Unnamed: 0,image,filename,class,species
0,/Users/changshe/.fastai/data/oxford-iiit-pet/images/Egyptian_Mau_167.jpg,Egyptian_Mau_167.jpg,Egyptian_Mau,cat
1,/Users/changshe/.fastai/data/oxford-iiit-pet/images/pug_52.jpg,pug_52.jpg,pug,dog
2,/Users/changshe/.fastai/data/oxford-iiit-pet/images/basset_hound_112.jpg,basset_hound_112.jpg,basset_hound,dog
3,/Users/changshe/.fastai/data/oxford-iiit-pet/images/Siamese_193.jpg,Siamese_193.jpg,Siamese,cat
4,/Users/changshe/.fastai/data/oxford-iiit-pet/images/shiba_inu_122.jpg,shiba_inu_122.jpg,shiba_inu,dog


<div class="alert alert-info">
    Converting parquet to lance is also just 1 python statement
    </div> 

In [17]:
ds.write_dataset(parquet_dataset, 
                 '/tmp/oxford_pet.lance', 
                 format=LanceFileFormat(),
                 existing_data_behavior='overwrite_or_ignore')

Again we can read it back out and see that it's the same

In [18]:
lance_dataset = lance.dataset('/tmp/oxford_pet.lance')
lance_dataset.to_table().to_pandas().head()

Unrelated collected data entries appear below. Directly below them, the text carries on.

(* Induction on S: with w the last point of S, either induction on S :\ w yields an edge
   keeping w on its positive side, or the edge from the hull neighbour c of w to w works. *)
Lemma exists_hull_edge (S : {set T}) x p q : u \notin S -> x \in S -> p \in S -> q \in S ->
  ltu p x -> ltu x q -> chi p q x ->
  exists a b, [/\ a \in S, b \in S, ltu a x, ltu x b & hull_edge S a b].
Proof.
move: {2}#|S| (leqnn #|S|) => n; elim: n S x p q => [|n IH] S x p q.
  by rewrite leqn0 => /eqP/cards0_eq -> _; rewrite inE.
move=> Sn uS xS pS qS px xq pqx.
have [w wS w_max] := ltu_max uS xS.
have xw : ltu x w.
  apply: (w_max _ xS); apply: contraTneq xq => ->.
  have [->|qw] := eqVneq q w; first by rewrite ltu_irr.
  exact/ltu_asym/w_max.
have pw : p != w by apply: contraTneq px => ->; apply: ltu_asym.
set S0 := S :\ w; have eS : S = w |: S0 by rewrite setD1K.
have S0n : #|S0| <= n by move: Sn; rewrite (cardsD1 w S) wS.
have uS0 : u \notin S0 by rewrite inE (negbTE uS) andbF.
have xS0 : x \in S0 by have /ltuP[_ _ x_w _] := xw; rewrite !inE xS x_w.
have pS0 : p \in S0 by rewrite !inE pS pw.
have S0_lt_w s : s \in S0 -> ltu s w by rewrite !inE => /andP[sw sS]; apply: w_max.
have [c cS0 c_nb] := exists_hull_neighbour S0_lt_w xS0.
have edge_cw : ltu c x -> exists a b, [/\ a \in S, b \in S, ltu a x, ltu x b & hull_edge S a b].
  move=> cx; exists c, w; rewrite eS !in_setU1 eqxx cS0 orbT; split=> //.
  exact: hull_edge_neighbour.
case: (boolP [exists p', exists q', [&& p' \in S0, q' \in S0, ltu p' x, ltu x q' & chi p' q' x]]).
  case/existsP=> p' /existsP[q' /and5P[p'S q'S p'x xq' p'q'x]].
  have [a [b [aS bS ax xb hull_ab]]] := IH S0 x p' q' S0n uS0 xS0 p'S q'S p'x xq' p'q'x.
  have [abw|nabw] := boolP (chi a b w).
    exists a, b; rewrite eS !in_setU1 aS bS !orbT; split=> // s.
    by rewrite in_setU1 => /orP[/eqP-> //|sS]; apply: hull_ab.
  exact/edge_cw/(neighbour_before_hull_edge S0_lt_w cS0 c_nb aS bS ax xb).
move/existsPn=> none; have qw : q = w.
  apply: contraNeq (none p) => qw; apply/existsP; exists q.
  by rewrite pS0 !inE qw qS px xq pqx.
apply/edge_cw/(neighbour_before_ray S0_lt_w cS0 c_nb pS0 xS0 px); first by rewrite -qw.
move=> q' q'S xq'; apply: contraNN (none p) => pq'x; apply/existsP; exists q'.
by rewrite pS0 q'S px xq' pq'x.
Qed.

Definition uncrossable (A : {set T}) := forall B, ~~ crossb chi A B.

Lemma hull_edge_uncrossable a b :
  a != b -> (forall s, s != a -> s != b -> chi a b s) -> uncrossable [set a; b].
Proof.
move=> ab hull B; apply/negP => cr; have [z [t [eB hu]]] := crossb_set2_disjoint cr.
rewrite /= !inE !negb_or in hu; case/and4P: hu => /and3P[_ az a_t] /andP[bz b_t] zt _.
move: cr; rewrite eB crossb_set2 //; first by rewrite !hull.
all: exact: chi_yxz.
Qed.

(* As chi(_, _, v) = - chi(_, _, u), the ray vx crosses pq iff the line xu separates p from q
   and x lies on the same side of pq as u. *)
Lemma wcrossb_ray x p q : uniq [:: u; x; p; q] ->
  wcrossb chi u (ray x) (liftseg [set p; q]) = (chi u x p != chi u x q) && (chi p q x == chi u p q).
Proof.
rewrite /= !inE !negb_or => /and4P[/and3P[ux up uq] /andP[xp xq] pq _].
rewrite /wcrossb /ray liftseg2 !inE /= !(inj_eq Some_inj) (negbTE ux) (negbTE up) (negbTE uq) /=.
rewrite crossb_set2 /=.
- rewrite [chi x p u]chi_yzx // [chi x q u]chi_yzx // [chi p q u]chi_yzx //.
  by case: (chi u x p); case: (chi u x q); case: (chi p q x); case: (chi u p q).
- by rewrite !inE !(inj_eq Some_inj) negb_or xp xq pq.
- by rewrite negbK.
- by rewrite negbK.
- by rewrite chi_yxz.
- by rewrite chi_yxz.
Qed.

Lemma wcrossb_ray_liftseg x S : x != u -> wcrossb chi u (ray x) S ->
  exists p q, S = liftseg [set p; q] /\ uniq [:: u; x; p; q].
Proof.
move=> xu /andP[/andP[_ uS] /crossb_set2_disjoint[z [t [eS hu]]]].
case: z t eS hu => [p|] [q|] eS hu; try by rewrite /= ?inE ?eqxx ?orbT in hu.
exists p, q; rewrite liftseg2; split=> //.
rewrite eS /ray !inE eqxx /= !(inj_eq Some_inj) negb_or in uS.
rewrite /= !inE !(inj_eq Some_inj) !negb_or in hu.
by case/and3P: hu => /andP[xp xq] pq _; case/andP: uS => up uq.
Qed.

Lemma crossing_ray_between x S : x != u -> wcrossb chi u (ray x) S ->
  exists p q, [/\ ltu p x, ltu x q & chi p q x].
Proof.
move=> xu cr; have [p [q [eS hu]]] := wcrossb_ray_liftseg xu cr.
move: cr; rewrite {}eS wcrossb_ray //.
rewrite /= !inE !negb_or in hu; case/and4P: hu => /and3P[ux up uq] /andP[xp xq] p_q _.
wlog pq : p q up uq xp xq p_q / ltu p q => [hyp|].
  have [pu qu] : p != u /\ q != u by [].
  case/orP: (ltu_total pu qu p_q) => [|qp /andP[h1 h2]]; first exact: hyp.
  apply: (hyp q p) => //; rewrite eq_sym h1 [chi q p x]chi_yxz // [chi u q p]chi_xzy //.
  by move: h2; case: (chi p q x); case: (chi u p q).
have /ltuP[_ _ _ upq] := pq; rewrite upq => /andP[h1 /eqP pqx].
have uxp : ~~ chi u x p.
  apply/negP => uxp; move: h1; rewrite uxp /= => uxq.
  have qp : ltu q p by apply: (@ltu_trans x); rewrite ltuE // chi_xzy.
  by have := ltu_asym pq; rewrite qp.
exists p, q; rewrite !ltuE // [chi u p x]chi_xzy // uxp; split=> //.
by move: h1; rewrite (negbTE uxp); case: (chi u x q).
Qed.

Lemma ray_crosses_liftseg a x b : ltu a x -> ltu x b -> chi a b x ->
  wcrossb chi u (ray x) (liftseg [set a; b]).
Proof.
move=> ax xb abx; have /ltuP[au xu a_x uax] := ax; have /ltuP[_ bu x_b uxb] := xb.
have /ltuP[_ _ ab uab] := ltu_trans ax xb.
by rewrite wcrossb_ray // uxb chi_xzy // uax abx uab.
Qed.

Definition free_points : {set T} :=
  [set x | (x != u) && [forall S, wsegment u S ==> ~~ wcrossb chi u (ray x) S]].

Definition free_rays : {set {set option T}} := [set ray x | x in free_points].

Lemma free_point_neq_u x : x \in free_points -> x != u.
Proof. by rewrite inE => /andP[]. Qed.

Lemma free_ray_uncrossed x S : x \in free_points -> wsegment u S -> ~~ wcrossb chi u (ray x) S.
Proof. by rewrite inE => /andP[_ /forallP/(_ S)/implyP]. Qed.

Lemma blocked_ray_crosses_uncrossable x : x != u -> x \notin free_points ->
  exists a b, [/\ a != b, wcrossb chi u (ray x) (liftseg [set a; b]) & uncrossable [set a; b]].
Proof.
move=> xu; rewrite inE xu /= => /forallPn[S]; rewrite negb_imply negbK => /andP[_ cr].
have [p [q [px xq pqx]]] := crossing_ray_between xu cr.
have inX z : z != u -> z \in [set z | z != u] by rewrite inE.
have /ltuP[pu _ _ _] := px; have /ltuP[_ qu _ _] := xq.
have [|a [b [_ _ ax xb hull]]] := exists_hull_edge _ (inX x xu) (inX p pu) (inX q qu) px xq pqx.
  by rewrite inE eqxx.
have /ltuP[au bu ab uab] := ltu_trans ax xb.
have /ltuP[_ _ a_x _] := ax; have /ltuP[_ _ x_b _] := xb.
exists a, b; split=> //; first by apply: ray_crosses_liftseg => //; apply: hull; rewrite ?inX.
apply: (hull_edge_uncrossable ab) => s sa sb.
have [->|su] := eqVneq s u; first by rewrite chi_yzx.
by apply: hull; rewrite ?inX.
Qed.

Lemma free_rays_sub (W : {set {set option T}}) :
  weak_triangulation chi u W -> free_rays \subset rays W.
Proof.
case=> Wseg _ Wmax; apply/subsetP => _ /imsetP[x xF ->].
rewrite inE /ray !inE eqxx andbT; apply: contraT => xW.
have [B BW] := Wmax _ (ray_wsegment (free_point_neq_u xF)) xW.
by rewrite (negbTE (free_ray_uncrossed xF (Wseg B BW))).
Qed.

Lemma free_crossing_liftseg (A : {set T}) (B : {set option T}) :
  segment A -> (None \in B -> B \in free_rays) ->
  wcrossb chi u (liftseg A) B -> exists2 B', B = liftseg B' & crossb chi A B'.
Proof.
move=> sA Bfree cr; have [vB|vB] := boolP (None \in B).
  case/imsetP: (Bfree vB) cr => x xF ->; rewrite wcrossb_sym => cr.
  by have := free_ray_uncrossed xF (liftseg_wsegment u sA); rewrite cr.
by exists (unlift B); rewrite ?unliftK // -(wcrossb_liftseg chi u) unliftK.
Qed.

Lemma exists_weak_triangulation_free :
  exists2 F, weak_triangulation chi u F & rays F \subset free_rays.
Proof.
pose ok A := wsegment u A && ((None \in A) ==> (A \in free_rays)).
have [F [Fok Fnc Fmax]] :=
  exists_noncrossing_family ok (@wcrossb_sym T chi u) (@wcrossb_irr T chi u).
exists F; last first.
  by apply/subsetP => A; rewrite inE => /andP[/Fok/andP[_ /implyP]]; apply.
split=> [A /Fok/andP[] // | // | A wA AF].
have [vA|vA] := boolP (None \in A); last by apply: Fmax; rewrite // /ok wA (negbTE vA).
have [RA|RA] := boolP (A \in free_rays); first by apply: Fmax; rewrite // /ok wA RA implybT.
have [x eA] := wsegment_rayP wA vA; subst A.
have xu : x != u by apply: contraTneq wA => ->; rewrite /wsegment /ray setUC eqxx andbF.
have xF : x \notin free_points by apply: contra RA => xF; apply: imset_f.
have [a [b [ab cr unc]]] := blocked_ray_crosses_uncrossable xu xF.
have sab : segment [set a; b] by rewrite /segment cards2 ab.
exists (liftseg [set a; b]) => //; apply: contraT => abF.
have [|B BF] := Fmax _ _ abF; first by rewrite /ok liftseg_wsegment // None_liftseg.
case/Fok/andP: BF => _ /implyP Bfree /(free_crossing_liftseg sab Bfree)[B' _].
by rewrite (negbTE (unc B')).
Qed.

Definition ext_points (D0 : {set {set T}}) : {set T} :=
  [set x | (x != u) && [forall A in D0, ~~ wcrossb chi u (ray x) (liftseg A)]].

Lemma extensionE (D0 : {set {set T}}) :
  extension chi u D0 = [set liftseg A | A in D0] :|: [set ray x | x in ext_points D0].
Proof. by []. Qed.

Lemma triangulation_uncrossable (D0 : {set {set T}}) a b :
  triangulation chi D0 -> a != b -> uncrossable [set a; b] -> [set a; b] \in D0.
Proof.
case=> _ _ D0max ab unc; apply: contraT => abD0.
have [|B _] := D0max _ _ abD0; first by rewrite /segment cards2 ab.
by rewrite (negbTE (unc B)).
Qed.

Lemma ext_points_sub (D0 : {set {set T}}) :
  (forall a b, a != b -> uncrossable [set a; b] -> [set a; b] \in D0) ->
  ext_points D0 \subset free_points.
Proof.
move=> D0unc; apply/subsetP => x; rewrite inE => /andP[xu /forall_inP noX].
apply: contraT => xF; have [a [b [ab cr unc]]] := blocked_ray_crosses_uncrossable xu xF.
by rewrite (negbTE (noX _ (D0unc a b ab unc))) in cr.
Qed.

Lemma extension_rays (D0 : {set {set T}}) :
  triangulation chi D0 -> rays (extension chi u D0) \subset free_rays.
Proof.
move=> D0tri; apply/subsetP => A; rewrite inE extensionE inE.
case/andP=> /orP[/imsetP[A' _ ->] | /imsetP[x xX ->]] vA; first by rewrite None_liftseg in vA.
apply: imset_f; apply: (subsetP (ext_points_sub _)) xX => a b.
exact: triangulation_uncrossable.
Qed.

Lemma lifted_triangulation (W : {set {set option T}}) :
  weak_triangulation chi u W -> rays W \subset free_rays ->
  triangulation chi [set A | liftseg A \in W].
Proof.
case=> Wseg Wnc Wmax Wfree; split=> [A|A B|A sA].
- by rewrite inE => /Wseg/wsegment_card; rewrite card_liftseg /segment => ->.
- by rewrite !inE -(wcrossb_liftseg chi u); apply: Wnc.
rewrite inE => AW; have [B BW cr] := Wmax _ (liftseg_wsegment u sA) AW.
have Bfree (vB : None \in B) : B \in free_rays by apply: (subsetP Wfree); rewrite inE BW.
have [B' eB cr'] := free_crossing_liftseg sA Bfree cr.
by exists B'; rewrite // inE -eB.
Qed.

Unnamed: 0,image,filename,class,species
0,/Users/changshe/.fastai/data/oxford-iiit-pet/images/Egyptian_Mau_167.jpg,Egyptian_Mau_167.jpg,Egyptian_Mau,cat
1,/Users/changshe/.fastai/data/oxford-iiit-pet/images/pug_52.jpg,pug_52.jpg,pug,dog
2,/Users/changshe/.fastai/data/oxford-iiit-pet/images/basset_hound_112.jpg,basset_hound_112.jpg,basset_hound,dog
3,/Users/changshe/.fastai/data/oxford-iiit-pet/images/Siamese_193.jpg,Siamese_193.jpg,Siamese,cat
4,/Users/changshe/.fastai/data/oxford-iiit-pet/images/shiba_inu_122.jpg,shiba_inu_122.jpg,shiba_inu,dog


## Try your own data!

Nice work! In this tutorial, we've created Lance datasets from pandas, arrow, and parquet using only a few lines of code.

Now you should try creating a Lance dataset with your own image data!